В июне меня вызывали к уполномоченному. Теперь два новых слова догнали полк вместе с бумагой от семнадцатого июля: особый отдел. Человек остался прежний. Подчинение — нет.
Лунин отпустил тягу. Пальцы у него были в масле, на рукаве темнела свежая полоса.
— Тут доделаю, — сказал он.
Совета не дал. Всё нужное он сказал ещё в июне: отвечай на заданный вопрос, на два следующих за него не отвечай.
Я обтёр ладони о штаны и пошёл через стоянку. До штаба было шагов триста. У первой машины оружейник продолжал набивать ленту, не поднимая головы. Дальше двое мотористов замолчали, пока я проходил, и заговорили снова за спиной. Дёмин, сидевший на корточках у колеса, проводил меня привычным прищуром. Он видел вдаль не хуже других; щурился, когда хотел рассмотреть человека.
Никто не окликнул.
Веселов занял комнату в крайней избе. Полк за месяц трижды менял площадку, а его рабочее место будто собирали по одному чертежу: хозяйский стол у окна, остро отточенный карандаш, серая папка по краю столешницы. Только стол теперь был накрыт клеёнкой с выцветшими вишнями. На стене над ним остался светлый прямоугольник от снятой фотографии. Рамку хозяева увезли или спрятали; гвоздь торчал.
Веселов сидел в той же отглаженной гимнастёрке со знаками старшего политрука. Дежурный направил меня уже в особый отдел НКВД, но обращаться следовало по-прежнему. Новая вывеска обогнала новые петлицы.
Рядом с папкой лежал чистый лист без заголовка и приготовленных строк. Пока просто бумага. От этого легче не стало.
В красном углу темнели образа. Под ними на лавке стоял чугунок, накрытый перевёрнутой миской, и лежала детская рубашонка без одной пуговицы. Комнату отдали под штаб, а прежняя жизнь ещё не успела из неё выйти. С улицы тянуло тёплой пылью и бензином. Где-то за стеной петух сердито скрёб землю, потом затих.
Веселов не поднял головы. Закончил строку, промокнул её клочком бумаги, подровнял карандаш по краю стола. Я стоял у двери. Он знал, что я стою; мне полагалось знать, что сесть можно только после разрешения.
— Младший лейтенант Соколов, — произнёс он наконец. — Садитесь.
Табурет был низкий, с разошедшейся ножкой. Я сел так, чтобы не качнулся.
Веселов посмотрел на мои руки. Потом на лицо.
— Волнуетесь?
— В особый отдел редко зовут награждать, товарищ старший политрук.
Уголок его рта едва сдвинулся. То ли услышал шутку, то ли отметил готовый ответ.
— Награждениями занимаются другие. Мы с вами уточним несколько обстоятельств.
Он придвинул серую папку.
— Двадцать девятого июня мы говорили о рассредоточении на Вересовке, — начал Веселов. Папку он не открывал. — До второго налёта вы предложили увести уцелевшие машины под деревья. Помните?
— Помню.
— Ответили тогда: предположили повторный удар, потому что сами на месте противника вернулись бы добивать. Ваши слова?
— Мои.
Он раскрыл папку на нужном листе. Не искал — открыл сразу.

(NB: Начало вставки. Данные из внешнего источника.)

Definition mul_nf {M1 M2 M3 : Type} (mk : bool * M1 -> bool * M2 -> seq (bool * M3))
    (l1 : seq (bool * M1)) (l2 : seq (bool * M2)) : seq (bool * M3) :=
  flatten [seq flatten [seq mk p q | q <- l2] | p <- l1].

Definition mul_free {M1 M2 M3 : Type} (op : M1 -> M2 -> M3) p q : seq (bool * M3) :=
  [:: (p.1 (+) q.1, op p.2 q.2)].

Definition mul_comm {M : Type} (code : M -> seq nat) (op : M -> M -> M) p q : seq (bool * M) :=
  if lexlt (code q.2) (code p.2) then [:: (p.1 (+) q.1, op q.2 p.2)]
  else [:: (p.1 (+) q.1, op p.2 q.2)].

Definition mul_alt {M : eqType} (code : M -> seq nat) (op : M -> M -> M) p q : seq (bool * M) :=
  if p.2 == q.2 then [::]
  else if lexlt (code q.2) (code p.2) then [:: (~~ (p.1 (+) q.1), op q.2 p.2)]
  else [:: (p.1 (+) q.1, op p.2 q.2)].

Fixpoint nfA (s : termA) : seq (bool * termA) :=
  match s with
  | AVar n => [:: (false, AVar n)] | AZero => [::]
  | AAdd s t => nfA s ++ nfA t | AOpp s => opp_nf (nfA s)
  | ABr s t => mul_nf (mul_alt codeA ABr) (nfA s) (nfA t)
  | APr s t => mul_nf (mul_comm codeA APr) (nfA s) (nfA t)
  end.

Fixpoint nfV (s : termV) : seq (bool * termV) :=
  match s with
  | VVar n => [:: (false, VVar n)] | VZero => [::]
  | VAdd s t => nfV s ++ nfV t | VOpp s => opp_nf (nfV s)
  | VMuln s n => flatten (nseq n (nfV s))
  | VBr s t => mul_nf (mul_alt codeV VBr) (nfV s) (nfV t)
  | VPr s t => mul_nf (mul_comm codeV VPr) (nfV s) (nfV t)
  | VRho x s => mul_nf (mul_free VRho) (nfA x) (nfV s)
  | VMu x s => mul_nf (mul_free VMu) (nfA x) (nfV s)
  end.

Definition cancels {M : eqType} (l : seq (bool * M)) : bool :=
  all (fun p => count_mem (true, p.2) l == count_mem (false, p.2) l) l.

Section NormalFormEval.
Variables (U : zmodType) (M : eqType) (ev : M -> U).

Fixpoint eval_nf (l : seq (bool * M)) : U :=
  if l is p :: l' then negif p.1 (ev p.2) + eval_nf l' else 0.

Lemma eval_nf_cat l1 l2 : eval_nf (l1 ++ l2) = eval_nf l1 + eval_nf l2.
Proof. by elim: l1 => [|p l IH] /=; rewrite ?add0r // IH addrA. Qed.

Lemma eval_nf_opp l : eval_nf (opp_nf l) = - eval_nf l.
Proof. by elim: l => [|[[] m] l IH] /=; rewrite ?oppr0 // IH opprD ?opprK. Qed.
(* Assume (A1) and (A3) hold. Then there exists a constant $C_0>0$ such that $L(\theta)-L(\theta_0)\ge C_0\,\pi_{\mathbb P}^2(\theta,\theta_0)$ for every $\theta=(\alpha,\beta)\in\mathbb R\times L^2([0,1])$.
   Context: Model: $y\in\{0,1\}$ and $X\in L^2([0,1])$, with $y\mid X\sim\mathrm{Bernoulli}(F(\alpha_0+\langle X,\beta_0\rangle))$, where $F(t)=e^t/(1+e^t)$, $\langle u,v\rangle=\int_0^1uv$, and $\theta_0=(\alpha_0,\beta_0)$. $w$ is a non-negative bounded weight function. Loss: $d(y,t)=-y\log F(t)-(1-y)\log(1-F(t))$, $\psi=\rho'$, $G(t)=\int_0^t\psi(-\log u)\,du$, and $$\phi(y,t)=\rho(d(y,t))+G(F(t))+G(1-F(t)).$$ Objective and discrepancy: $$L(\theta)=\mathbb E\big(\phi(y,\alpha+\langle X,\beta\rangle)w(X)\big),$$ $$\pi_{\mathbb P}^2(\theta,\theta_0)=\mathbb E\big(w(X)[F(\alpha+\langle X,\beta\rangle)-F(\alpha_0+\langle X,\beta_0\rangle)]^2\big).$$ Assumptions: (A1) $\rho:[0,\infty)\to\mathbb R$ is bounded and continuously differentiable, with bounded derivative $\psi$, and $\rho(0)=0$. (A3) $\psi\ge0$, and there exist $a\ge\log2$ and $A_0>0$ with $\psi(t)>A_0$ for $0<t<a$. *)

From HB Require Import structures.
From mathcomp Require Import all_boot all_order all_algebra.
From mathcomp Require Import all_classical all_reals all_analysis.
Set Implicit Arguments. Unset Strict Implicit. Unset Printing Implicit Defensive.
Import Order.TTheory GRing.Theory Num.Theory.
Import numFieldNormedType.Exports.
Local Open Scope classical_set_scope.
Local Open Scope ring_scope.

(* Elements of L^2([0,1]) are represented by real functions on R that are
   Lebesgue-measurable on [0,1] and square integrable there. *)
Definition L2 {R : realType} (u : R -> R) : Prop :=
  measurable_fun (`[0%R, 1%R] : set R) u /\
  (\int[lebesgue_measure]_(t in (`[0%R, 1%R] : set R)) ((u t) ^+ 2)%:E < +oo)%E.

Definition inner {R : realType} (u v : R -> R) : R :=
  Rintegral lebesgue_measure (`[0%R, 1%R] : set R) (fun t => u t * v t).

Definition F {R : realType} (t : R) : R := expR t / (1 + expR t).

Definition dev {R : realType} (y t : R) : R :=
  - y * ln (F t) - (1 - y) * ln (1 - F t).

Definition G {R : realType} (psi : R -> R) (t : R) : R :=
  Rintegral lebesgue_measure (`[0%R, t] : set R) (fun u => psi (- ln u)).

Definition phi {R : realType} (rho psi : R -> R) (y t : R) : R :=
  rho (dev y t) + G psi (F t) + G psi (1 - F t).

(* Sets of the form { f | <f, b> in E }, b in L^2, E Borel: they generate the
   (weak = Borel, L^2 being separable) sigma-algebra on L^2([0,1]). *)
Definition weak_gen {R : realType} : set (set (R -> R)) :=
  [set B | exists b : R -> R, L2 b /\
     exists E : set R, measurable E /\ B = (fun f => inner f b) @^-1` E].

Definition weak_meas {R : realType} : set (set (R -> R)) := <<s (@weak_gen R) >>.

Definition Lobj {R : realType} {d : measure_display} {Om : measurableType d}
  (P : probability Om R) (rho psi : R -> R) (w : (R -> R) -> R)
  (X : Om -> (R -> R)) (y : Om -> R) (alpha : R) (beta : R -> R) : \bar R :=
  (\int[P]_om (phi rho psi (y om) (alpha + inner (X om) beta) * w (X om))%:E)%E.

Definition pi2 {R : realType} {d : measure_display} {Om : measurableType d}
  (P : probability Om R) (w : (R -> R) -> R) (X : Om -> (R -> R))
  (alpha : R) (beta : R -> R) (alpha0 : R) (beta0 : R -> R) : \bar R :=
  (\int[P]_om (w (X om) *
     (F (alpha + inner (X om) beta) - F (alpha0 + inner (X om) beta0)) ^+ 2)%:E)%E.

(* For y ~ Bernoulli(q) and F t = p the expected loss is
     risk q p = q rho(-ln p) + (1 - q) rho(-ln (1 - p)) + G(p) + G(1 - p).
   Its derivative in p is (p - q) * curvature p, where
     curvature p = psi(-ln p) / p + psi(-ln (1 - p)) / (1 - p) >= A0,
   because one of p, 1 - p lies in [1/2, 1), where -ln takes values in
   (0, ln 2] and psi >= A0.  Hence p |-> risk q p - A0/2 (p - q)^2 is minimal
   at p = q.  Since phi is affine in y, conditioning on X replaces y by
   q = F(alpha0 + <X, beta0>) in L(theta), and integrating this quadratic margin
   against w gives the claim with C0 = A0/2. *)

From HB Require Import structures.
From mathcomp Require Import all_boot all_order all_algebra.
From mathcomp Require Import all_classical all_reals all_analysis.
From mathcomp Require Import ring lra measurable_realfun.

Set Implicit Arguments.
Unset Strict Implicit.
Unset Printing Implicit Defensive.

Import Order.TTheory GRing.Theory Num.Theory.
Import numFieldNormedType.Exports.
Local Open Scope classical_set_scope.
Local Open Scope ring_scope.

Lemma derive_sign_min (R : realType) (f df : R -> R) (a b q : R) :
  (forall x, x \in `]a, b[ -> is_derive x 1 f (df x)) ->
  (forall x, x \in `]a, b[ -> 0 <= (x - q) * df x) ->
  q \in `]a, b[ -> forall p, p \in `]a, b[ -> f q <= f p.
Proof.
move=> fdf sign; rewrite !in_itv /= => /andP[aq qb] p /andP[ap pb].
have mvt u v : a < u -> u < v -> v < b ->
    exists2 c, 0 <= (c - q) * df c /\ u < c < v & f v - f u = df c * (v - u).
  move=> au uv vb.
  have sub x : u <= x <= v -> x \in `]a, b[.
    by move=> /andP[ux xv]; rewrite in_itv /= (lt_le_trans au) // (le_lt_trans xv).
  have fdf' x : x \in `]u, v[ -> is_derive x 1 f (df x).
    by rewrite in_itv /= => /andP[ux xv]; apply/fdf/sub; rewrite !ltW.
  have fcont : {within `[u, v], continuous f}.
    apply: derivable_within_continuous => x; rewrite in_itv /= => xuv.
    by have [] := fdf x (sub x xuv).
  have [c] := MVT uv fdf' fcont.
  rewrite in_itv /= => /andP[uc cv] e; exists c => //; split; last by rewrite uc.
  by apply/sign/sub; rewrite !ltW.
have [pq|qp|<-] := ltgtP p q; last by [].
- have [c [sc /andP[_ cq]] e] := mvt p q ap pq qb.
  have dc : df c <= 0 by rewrite -(nmulr_rge0 _ (_ : c - q < 0)) ?subr_lt0.
  by rewrite -subr_le0 e mulr_le0_ge0 // subr_ge0 ltW.
- have [c [sc /andP[qc _]] e] := mvt q p aq qp pb.
  have dc : 0 <= df c by rewrite -(pmulr_rge0 _ (_ : 0 < c - q)) ?subr_gt0.
  by rewrite -subr_ge0 e mulr_ge0 // subr_ge0 ltW.
Qed.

— Хорошо. Теперь седьмое июля. Восемь исправных машин прикрывали две переправы. Обычно главная сила оставалась южнее, пара — над северной. По вашему настоянию капитан Гришин поменял распределение: шестёрку увёл на север, пару оставил на юге. Немец ударил по южной переправе и краю аэродрома. Две машины сгорели, три получили повреждения. Всё точно?
Вот чего стоила аккуратная папка: она не путала шестёрку с восьмёркой и не забывала оставленную пару.
— Точно.
— Под ваше слово сгорели две машины.
Он ждал оправдания. Я мог напомнить, что приказ подписал Гришин, что Дёмин первым назвал мой довод выводом, а не фактом, что южная пара всё-таки встретила налёт и повредила один «Хейнкель». Всё это было правдой. И всё прозвучало бы попыткой разложить свою вину по чужим карманам.
— По моей догадке, — сказал я. — Я назвал место, которого не знал. При штабе признал ошибку и написал объяснение.
Веселов достал из папки тот самый лист.
— Написали. «Общее направление движения противника ошибочно принято мною за признак удара по северной переправе». Складно. И подпись ваша.
— Моя.
— А теперь вы этой ошибкой прикрываетесь.
Я промолчал.
— Не поняли? — спросил он. — Объясню. Я хочу выяснить, откуда вы узнаёте то, чего не должен знать младший лейтенант первого года службы. Вы заранее кладёте передо мной готовое возражение: знающий наперёд не отправил бы главную силу не туда. Удобная ошибка.
— Две сгоревшие машины удобными не были.
— Зато теперь служат вам алиби.
— Кабы я знал наперёд, товарищ старший политрук, я не стал бы при всём штабе указывать не ту переправу. Провидцы так не мажут.
Веселов взял карандаш, но записывать не стал. Покатал его под пальцем.
— Эту фразу вы тоже приготовили?
— Ошибку не готовил.
Он отложил карандаш.
— Допустим. С предсказаниями у вас бывает плохо. Посмотрим на то, что получается хорошо.
Папка раскрылась ещё на несколько листов. Там лежало моё объяснение, показания Лунина с первой беседы, какие-то выписки с фамилиями и датами. Края у бумаги были разными: часть вырвана из тетрадей, часть обрезана ножом. Порядок из них сделал Веселов.
— Двенадцатого июля, при капитане Гришине и младшем лейтенанте Дёмине, вы сказали: «Лучше один сорванный заход, чем четыре мишени под брюхом у „мессеров“». Дословно. Говорили?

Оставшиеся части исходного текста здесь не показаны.